The drummer changed that notion.

"He took me to some meditation retreats and began attending Buddhist centers around the country," Davis said. "At that time, I was also exploring Sufism and generally groping for something that wasn’t just a belief system, but a practice."

Buddhism, especially Zen Buddhism, appealed to Davis because of its openness.

"Zen, I would later discover, placed little or no emphasis on a belief system," he said. "It doesn’t matter if you’re Christian or an atheist. It just provides you with a set of tools that will cultivate inner intimacy with reality."

After a period of time meditating the Zen Buddhist way, Davis began to notice changes within himself and his experiences.

"It was like removing dirt and debris and finding the perennial core that was there all along," Davis explained. "I felt like I had put glasses on my soul for the first time in my life. I didn’t know how bad my vision was and then I began seeing things that I never thought existed, and that amplified and focused my creativity."

Davis utilized the Zen method while recording his new CD, "Music for Mortals," his 15th release, last year.

"For the first time in my career, I didn’t have any deadlines and had all the free time and support from my fans in terms of funding," he said. "So, I just sort of wandered around in the desert of music."

Davis, along with his longtime producer, Alex Gibson, recorded the CD three times in two years.

"I had reached a point that was sort of my dark light of the soul," Davis said. "The recording was very therapeutic, but we looked at the songs, and while we thought they were interesting, we decided to sweep them off the table and started from zero."

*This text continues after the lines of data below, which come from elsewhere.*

(* Let $d\ge1$ and let $X\subset S^d$ be a spherical $4$-design that is antipodal ($X=-X$). Let $X'=\{x_1,\dots,x_M\}\subset X$ be any subset with $|X'|=|X|/2$ containing no pair of antipodal vectors. Then the multiset $\widetilde{G_{X'}}=\{G_{x_1},\dots,G_{x_M}\}\cup\{-G_{x_1},\dots,-G_{x_M}\}$ (of $2M$ points, counted with multiplicity) is a spherical $3$-design in the unit sphere $S^{D-1}$ of $\mathrm{Harm}_2(S^d)\cong\mathbb{R}^D$, $D=d(d+3)/2$.
   Context: A finite nonempty multiset $Y$ in a unit sphere $S^{m}\subset\mathbb{R}^{m+1}$ is a spherical $t$-design if $\frac{1}{|Y|}\sum_{y\in Y}f(y)=\int_{S^m}f\,d\sigma$ for every polynomial $f$ on $\mathbb{R}^{m+1}$ of degree at most $t$ (points counted with multiplicity, $\sigma$ normalized surface measure). $\mathrm{Harm}_2(S^d)$ denotes the real vector space (of dimension $D=d(d+3)/2$) of restrictions to $S^d$ of homogeneous harmonic polynomials of degree $2$ on $\mathbb{R}^{d+1}$, with inner product $\langle P,Q\rangle=\int_{S^d}PQ\,d\sigma$, identified with $\mathbb{R}^D$ via an orthonormal basis. For $x\in S^d$ let $K_x\in\mathrm{Harm}_2(S^d)$ be the reproducing element ($\langle K_x,Q\rangle=Q(x)$ for all $Q$) and $G_x=K_x/\|K_x\|$; then $\langle G_x,G_y\rangle=\frac{d+1}{d}(x,y)^2-\frac1d$. *)

From Stdlib Require Import Reals List Arith.
Import ListNotations.
Open Scope R_scope.
(* Let $f:\mathbb{R}^n\to\mathbb{R}$ be continuously differentiable and bounded below, with $\nabla f$ Lipschitz continuous on $\mathbb{R}^n$, and let $s$ be an integer with $0<s<n$. Then any optimal solution $\mathbf{x}^*$ of the problem (P): minimize $f(\mathbf{x})$ subject to $\|\mathbf{x}\|_0\le s$, is an $L_2(f)$-stationary point of (P), i.e. $\nabla_i f(\mathbf{x}^* )=0$ for $i\in I_1(\mathbf{x}^* )$ and $|\nabla_i f(\mathbf{x}^* )|\le L_2(f)M_s(\mathbf{x}^* )$ for $i\in I_0(\mathbf{x}^* )$.
   Context: $\|\mathbf{x}\|_0$ is the number of nonzero components; $I_1(\mathbf{x})=\{i:x_i\neq0\}$, $I_0(\mathbf{x})=\{i:x_i=0\}$; $M_s(\mathbf{x})$ is the $s$-th largest absolute value among the components of $\mathbf{x}$. For $i\neq j$, $\nabla_{i,j}f(\mathbf{x})\in\mathbb{R}^2$ is the vector of the $i$-th and $j$-th partial derivatives, and $L_{i,j}(f)$ is a constant with $\|\nabla_{i,j}f(\mathbf{x})-\nabla_{i,j}f(\mathbf{x}+\mathbf{d})\|\le L_{i,j}(f)\|\mathbf{d}\|$ for all $\mathbf{x}$ and all $\mathbf{d}$ with at most two nonzero components; $L_2(f)=\max_{i\neq j}L_{i,j}(f)$. *)

From HB Require Import structures.
From mathcomp Require Import all_boot all_order all_algebra.
From mathcomp Require Import all_classical all_reals all_analysis.
Set Implicit Arguments. Unset Strict Implicit. Unset Printing Implicit Defensive.
Import Order.TTheory GRing.Theory Num.Theory.
Import numFieldNormedType.Exports.
Local Open Scope ring_scope.

Definition evec (R : realType) (n : nat) (i : 'I_n) : 'rV[R]_n := delta_mx 0 i.

Definition partial (R : realType) (n : nat) (f : 'rV[R]_n -> R) (i : 'I_n)
  (x : 'rV[R]_n) : R := 'D_(evec R i) f x.

Definition grad (R : realType) (n : nat) (f : 'rV[R]_n -> R) (x : 'rV[R]_n)
  : 'rV[R]_n := \row_i partial f i x.

Definition enorm (R : realType) (n : nat) (v : 'rV[R]_n) : R :=
  Num.sqrt (\sum_(k < n) v 0 k ^+ 2).

Definition l0norm (R : realType) (n : nat) (x : 'rV[R]_n) : nat :=
  #|[set i : 'I_n | x 0 i != 0]|.

(* M_s(x): s-th largest absolute value among the components (with multiplicity), s >= 1 *)
Definition Ms (R : realType) (n : nat) (s : nat) (x : 'rV[R]_n) : R :=
  nth 0 (sort (fun a b : R => b <= a) [seq `|x 0 i| | i <- enum 'I_n]) s.-1.

Definition optimal_P (R : realType) (n : nat) (f : 'rV[R]_n -> R) (s : nat)
  (x : 'rV[R]_n) : Prop :=
  (l0norm x <= s)%N /\ forall y : 'rV[R]_n, (l0norm y <= s)%N -> f x <= f y.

The process, he found, was exhilarating.

"We felt something we haven’t felt since we were kids discovering something for the first time," Davis said. "So, we went through it again and started the entire process over a third time with musicians."

Drummer Blair Sinta, guitarist Joel Shearer, bassist Justin Meldal-Johnsen and multi-instrumental Nathan Jenkins were the final pieces that were needed to finish the puzzle, Davis said.

"The third set of songs were the right ones artistically and spiritually," he said. "We actually wanted to do it again, but realized the CD was finished."

During the recording process, Davis fell in love with music again and while he still has his other outlets, has decided to remain in touch with his musicality.

"I want to maintain the loyalty to the sense of wonder and mystery and when I leave this world that that philosophy is intact," he said. "I’m back in touch with my creativity again and the next step is to recommit to the process, even though I don’t know when or when it will come again."